No one spoke. There was nothing to say. She finished, most simply, “We will find it.”
Adrian dropped his pack at her feet. Like Jean-Paul, like Justine and Poulet, he began to light candles and secure them to the floor with drippings of their own wax. Five candles. A dozen. Two dozen. A circle of light grew around their supplies, small and stubborn as stars in the sky. They invaded the darkness, and made camp, and these were their sentinels.
Adrian came to her when he was done. “So I’m looking for a patched-up hole in one of these big pillars, or a bit of wall that doesn’t make sense. Right?”
“Just so.” They might spend a week looking. Guillaume had one day. Perhaps two. Did everyone here know how small the chances were?
“What kind of idiots build a city on eggshells? Somebody sneezes and the whole place is going to fall in.” Adrian went off, shaking his head. “Paris.”

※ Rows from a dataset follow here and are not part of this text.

(* Let $\mathcal{X}$ and $\mathcal{Y}$ be finite additive groups, $n,m\ge1$, and let $F:\mathcal{X}^n\to\mathcal{Y}^m$ be a random linear code, i.e. a random variable taking values in the set of group homomorphisms $\mathcal{X}^n\to\mathcal{Y}^m$. Let $\Sigma_n,\Sigma_m$ be uniformly distributed random permutations of the coordinates of $\mathcal{X}^n$ and $\mathcal{Y}^m$ respectively, let $\bar Y^m$ be a uniformly distributed random vector on $\mathcal{Y}^m$, with $F,\Sigma_n,\Sigma_m,\bar Y^m$ mutually independent, and define $\hat F(\mathbf{x})=\Sigma_m(F(\Sigma_n(\mathbf{x})))+\bar Y^m$. Then for all $\mathbf{x}_1\neq\mathbf{x}_2$ in $\mathcal{X}^n$ and all $\mathbf{y}_1,\mathbf{y}_2\in\mathcal{Y}^m$, $$\Pr\{\hat F(\mathbf{x}_1)=\mathbf{y}_1\}=|\mathcal{Y}|^{-m},$$ $$\Pr\{\hat F(\mathbf{x}_2)=\mathbf{y}_2\mid \hat F(\mathbf{x}_1)=\mathbf{y}_1\}=|\mathcal{Y}|^{-m}\,\alpha(F)(P_{\mathbf{x}_2-\mathbf{x}_1},P_{\mathbf{y}_2-\mathbf{y}_1}).$$
   Context: For a sequence $\mathbf{x}\in\mathcal{X}^n$, its type $P_{\mathbf{x}}$ is the distribution on $\mathcal{X}$ given by $P_{\mathbf{x}}(a)=N(a|\mathbf{x})/n$, where $N(a|\mathbf{x})$ is the number of occurrences of $a$ in $\mathbf{x}$; $\mathcal{P}_n(\mathcal{X})$ is the set of types of sequences in $\mathcal{X}^n$ (similarly for $\mathcal{Y}^m$). A permutation of coordinates acts on $\mathcal{X}^n$ by permuting entries. For a map $f:\mathcal{X}^n\to\mathcal{Y}^m$, its joint spectrum is $S_{\mathcal{X}\mathcal{Y}}(f)(P,Q)=|\{\mathbf{x}\in\mathcal{X}^n: P_{\mathbf{x}}=P,\ P_{f(\mathbf{x})}=Q\}|/|\mathcal{X}|^n$. For $P\in\mathcal{P}_n(\mathcal{X})$, $Q\in\mathcal{P}_m(\mathcal{Y})$, with $\binom{n}{nP}=n!/\prod_{a}(nP(a))!$ and $\binom{m}{mQ}=m!/\prod_{b}(mQ(b))!$, define for a random map $F$ $$\alpha(F)(P,Q)=\frac{E[S_{\mathcal{X}\mathcal{Y}}(F)(P,Q)]}{\binom{n}{nP}\binom{m}{mQ}\,|\mathcal{X}|^{-n}|\mathcal{Y}|^{-m}}.$$ *)

From HB Require Import structures.
From mathcomp Require Import all_boot all_order all_algebra all_fingroup.
Set Implicit Arguments. Unset Strict Implicit. Unset Printing Implicit Defensive.
Import Order.TTheory GRing.Theory Num.Theory.
Local Open Scope ring_scope.

(* The type of x, represented by its count vector a |-> N(a|x)
   (for fixed n this is in bijection with P_x = N(.|x)/n). *)
Definition ntype (X : finType) (n : nat) (x : {ffun 'I_n -> X}) : {ffun X -> nat} :=
  [ffun a => #|[set i | x i == a]|].

Definition multinom (X : finType) (n : nat) (c : {ffun X -> nat}) : nat :=
  (n`! %/ \prod_(a : X) (c a)`!)%N.

Definition spectrum (R : realFieldType) (X Y : finType) (n m : nat)
  (f : {ffun 'I_n -> X} -> {ffun 'I_m -> Y})
  (P : {ffun X -> nat}) (Q : {ffun Y -> nat}) : R :=
  (#|[set x : {ffun 'I_n -> X} | (ntype x == P) && (ntype (f x) == Q)]|)%:R
    / ((#|X| ^ n)%N)%:R.

(* A random map F is given by its probability mass function pF on the
   finite type of all maps X^n -> Y^m. *)
Definition alpha (R : realFieldType) (X Y : finType) (n m : nat)
  (pF : {ffun {ffun 'I_n -> X} -> {ffun 'I_m -> Y}} -> R)
  (P : {ffun X -> nat}) (Q : {ffun Y -> nat}) : R :=
  (\sum_(f : {ffun {ffun 'I_n -> X} -> {ffun 'I_m -> Y}}) pF f * spectrum R f P Q)
  / ((multinom n P)%:R * (multinom m Q)%:R
      * ((#|X|%:R : R) ^- n) * ((#|Y|%:R : R) ^- m)).

Definition permx (T : Type) (n : nat) (s : 'S_n) (x : {ffun 'I_n -> T}) :
  {ffun 'I_n -> T} := [ffun i => x (s i)].

Definition is_pmf (R : realFieldType) (T : finType) (p : T -> R) : Prop :=
  (forall t, 0 <= p t) /\ \sum_(t : T) p t = 1.

Definition Fhat (X Y : finZmodType) (n m : nat)
  (f : {ffun {ffun 'I_n -> X} -> {ffun 'I_m -> Y}})
  (s1 : 'S_n) (s2 : 'S_m) (yb : {ffun 'I_m -> Y}) (x : {ffun 'I_n -> X}) :
  {ffun 'I_m -> Y} := permx s2 (f (permx s1 x)) + yb.

(* Probability of an event on (F, Sigma_n, Sigma_m, Ybar), these being
   mutually independent, F ~ pF, and the other three uniform. *)
Definition probHat (R : realFieldType) (X Y : finZmodType) (n m : nat)
  (pF : {ffun {ffun 'I_n -> X} -> {ffun 'I_m -> Y}} -> R)
  (E : {ffun {ffun 'I_n -> X} -> {ffun 'I_m -> Y}} -> 'S_n -> 'S_m ->
       {ffun 'I_m -> Y} -> bool) : R :=
  \sum_(f : {ffun {ffun 'I_n -> X} -> {ffun 'I_m -> Y}})
   \sum_(s1 : 'S_n) \sum_(s2 : 'S_m) \sum_(yb : {ffun 'I_m -> Y})
     pF f / ((n`! * m`! * #|Y| ^ m)%N)%:R * (E f s1 s2 yb)%:R.

Definition condProbHat (R : realFieldType) (X Y : finZmodType) (n m : nat)
  (pF : {ffun {ffun 'I_n -> X} -> {ffun 'I_m -> Y}} -> R)
  (A B : {ffun {ffun 'I_n -> X} -> {ffun 'I_m -> Y}} -> 'S_n -> 'S_m ->
       {ffun 'I_m -> Y} -> bool) : R :=
  probHat pF (fun f s1 s2 yb => A f s1 s2 yb && B f s1 s2 yb) / probHat pF B.

(* Adding the uniform shift [yb] makes every value of [Fhat] uniform, and for two
   inputs it reduces the joint event to [s2 (F (s1 (x2 - x1))) = y2 - y1], by
   additivity of [F]. The coordinate permutations [s] with [x o s = y] form a coset
   of the stabilizer of [x] when [x] and [y] have the same type, and there are none
   otherwise; the stabilizer is the direct product of the symmetric groups of the
   level sets of [x], of order [prod_a N(a|x)! = n! / multinom n P_x]. Summing over
   [s1] and [s2] therefore counts the inputs of type [P] whose image has type [Q],
   with weight [n! m! / (multinom n P * multinom m Q)]. *)

From HB Require Import structures.
From mathcomp Require Import all_boot all_order all_algebra all_fingroup.
From mathcomp Require Import ring.
Set Implicit Arguments. Unset Strict Implicit. Unset Printing Implicit Defensive.
Import GRing.Theory Num.Theory.

(* The library equips [{ffun I -> V}] with its finite and Z-module structures
   separately, but not with their join. *)
HB.instance Definition _ (I : finType) (V : finZmodType) :=
  GRing.Zmodule.on {ffun I -> V}.

Definition prod_fact (T : finType) (c : {ffun T -> nat}) : nat :=
  \prod_(a : T) (c a)`!.

Lemma prod_fact_gt0 (T : finType) (c : {ffun T -> nat}) : 0 < prod_fact c.
Proof. by apply/prodn_gt0 => a; apply: fact_gt0. Qed.

Lemma sum_nat_bool (I : finType) (A B : pred I) :
  \sum_(i | A i) B i = #|[set i | A i && B i]|.
Proof. by rewrite -sum1dep_card big_mkcondr. Qed.

Lemma card_finZmod_gt0 (V : finZmodType) : 0 < #|V|.
Proof. by apply/card_gt0P; exists 0%R. Qed.

Section CoordinatePermutations.
Variables (T : finType) (n : nat).
Implicit Types (x y : {ffun 'I_n -> T}) (s t : 'S_n).

Lemma permxM s t x : permx s (permx t x) = permx (s * t) x.
Proof. by apply/ffunP => i; rewrite !ffunE permM. Qed.

Lemma permx1 x : permx 1 x = x.
Proof. by apply/ffunP => i; rewrite ffunE perm1. Qed.

Lemma permxK s : cancel (@permx T n s) (permx s^-1).
Proof. by move=> x; rewrite permxM mulVg permx1. Qed.

Lemma permxKV s : cancel (@permx T n s^-1) (permx s).
Proof. by move=> x; rewrite permxM mulgV permx1. Qed.

Lemma ntype_permx s x : ntype (permx s x) = ntype x.
Proof.
apply/ffunP => a; rewrite !ffunE -[RHS](card_preimset _ (@perm_inj _ s)).
by apply: eq_card => i; rewrite !inE ffunE.
Qed.

Lemma ntype_count x a : ntype x a = count_mem a (map x (enum 'I_n)).
Proof.
rewrite ffunE count_map enumT cardE /enum_mem size_filter.
by apply: eq_count => i; rewrite !inE.
Qed.

Lemma eq_ntypeP x y : reflect (exists s, permx s x = y) (ntype x == ntype y).
Proof.
apply: (iffP eqP) => [Exy | [s <-]]; last by rewrite ntype_permx.
have /tuple_permP[s Eyx] : perm_eq [tuple y i | i < n] [tuple x i | i < n].
  apply/allP => a _; apply/eqP.
  by transitivity (ntype y a); [rewrite ntype_count | rewrite -Exy ntype_count].
exists s; apply/ffunP => i; rewrite ffunE.
move/(congr1 (fun r : seq T => nth (y i) r i)): Eyx.
by rewrite -!tnth_nth !tnth_mktuple.
Qed.
Record bicat_data : Type := BicatData {
  ob : Type;
  hom : ob -> ob -> Type;
  cell : forall A B : ob, hom A B -> hom A B -> Type;
  id1 : forall A : ob, hom A A;
  comp1 : forall A B C : ob, hom B C -> hom A B -> hom A C;
  id2 : forall (A B : ob) (f : hom A B), cell f f;
  vcomp : forall (A B : ob) (f g h : hom A B), cell g h -> cell f g -> cell f h;
  hcomp : forall (A B C : ob) (g g' : hom B C) (f f' : hom A B),
      cell g g' -> cell f f' -> cell (comp1 g f) (comp1 g' f');
  assoc : forall (A B C D : ob) (h : hom C D) (g : hom B C) (f : hom A B),
      cell (comp1 (comp1 h g) f) (comp1 h (comp1 g f));
  assoc_inv : forall (A B C D : ob) (h : hom C D) (g : hom B C) (f : hom A B),
      cell (comp1 h (comp1 g f)) (comp1 (comp1 h g) f);
  lunit : forall (A B : ob) (f : hom A B), cell (comp1 (id1 B) f) f;
  lunit_inv : forall (A B : ob) (f : hom A B), cell f (comp1 (id1 B) f);
  runit : forall (A B : ob) (f : hom A B), cell (comp1 f (id1 A)) f;
  runit_inv : forall (A B : ob) (f : hom A B), cell f (comp1 f (id1 A))
}.

Arguments hom {b} A B.
Arguments cell {b A B} f g.
Arguments id1 {b} A.
Arguments comp1 {b A B C} g f.
Arguments id2 {b A B} f.
Arguments vcomp {b A B f g h} _ _.
Arguments hcomp {b A B C g g' f f'} _ _.
Arguments assoc {b A B C D} h g f.
Arguments assoc_inv {b A B C D} h g f.
Arguments lunit {b A B} f.
Arguments lunit_inv {b A B} f.
Arguments runit {b A B} f.
Arguments runit_inv {b A B} f.

Declare Scope bicat_scope.
Open Scope bicat_scope.
Notation "g ∘ f" := (comp1 g f) (at level 40, left associativity) : bicat_scope.
Notation "b ⋆ a" := (hcomp b a) (at level 40, left associativity) : bicat_scope.
Notation "b • a" := (vcomp b a) (at level 50, left associativity) : bicat_scope.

Poulet drank wine from his flask, corked it, and stowed it in the leather pack he carried. He raised his voice. “Don’t go where you can’t see somebody’s light. If you get lost, sit down and wait. I might even come looking for you. Bon courage.”
The first hour was spent searching every pillar and wall of that gallery, minutely, for any sign. They moved beyond, then, and lit their way into the next gallery and searched that.
In the fifth hour, they stopped to eat in a domed
niche cut within the rocks. They ate on the circles of steps that led down to where water lived within the rocks. Eight feet below them lay a round pool, the drinking water, and perhaps the footbath, of the old quarrymen. It was water of such complete clarity it almost did not exist, except that it reflected back the flame of their candles. They ate the excellent tarts and cheeses served in the whorehouse and drank wine and spoke very little to one another.
Papa was tiring. She had made him bring a warm coat, but he was chilled. It would be late afternoon in the outside world.
Their tenth hour under the earth, six o’clock in the evening, they had traced and retraced and circled the center of their search and were in a new gallery. Bats spiraled upward and escaped through some vent in the arched ceiling. A weak shaft of light infiltrated from far above and struck all the way down to the cavern floor, fresh and beautiful as a spring in the desert.
It was a ventilation shaft, drilled in the rock. She went to it as if pulled by strings and stood in the light and looked up. She had been in darkness for a century.
“I’ll track this, up top, and find it,” Poulet said. “It’ll show exactly where we are. But that’s going to take a day or two. It probably comes up in somebody’s garden.”
They stood, all of them, looking up.
“It’ll be big enough for a man to go through, lowered by a rope. Always good to have one more entrance,” Poulet said.
They were close. She knew it. If she could tear these rock walls and rock stanchions apart, she’d find it. We will not be in time. I made a mistake, trying this.
Jean-Paul came up beside her. “We can do the ploy with a prison transfer, just after dawn. We have time to forge the papers if we head back now. We’ll use Harrier’s carriage and he’ll go as driver. I still play a convincing guard.”
You will not risk your life—you, who have a wife and a child and another baby coming. “No.”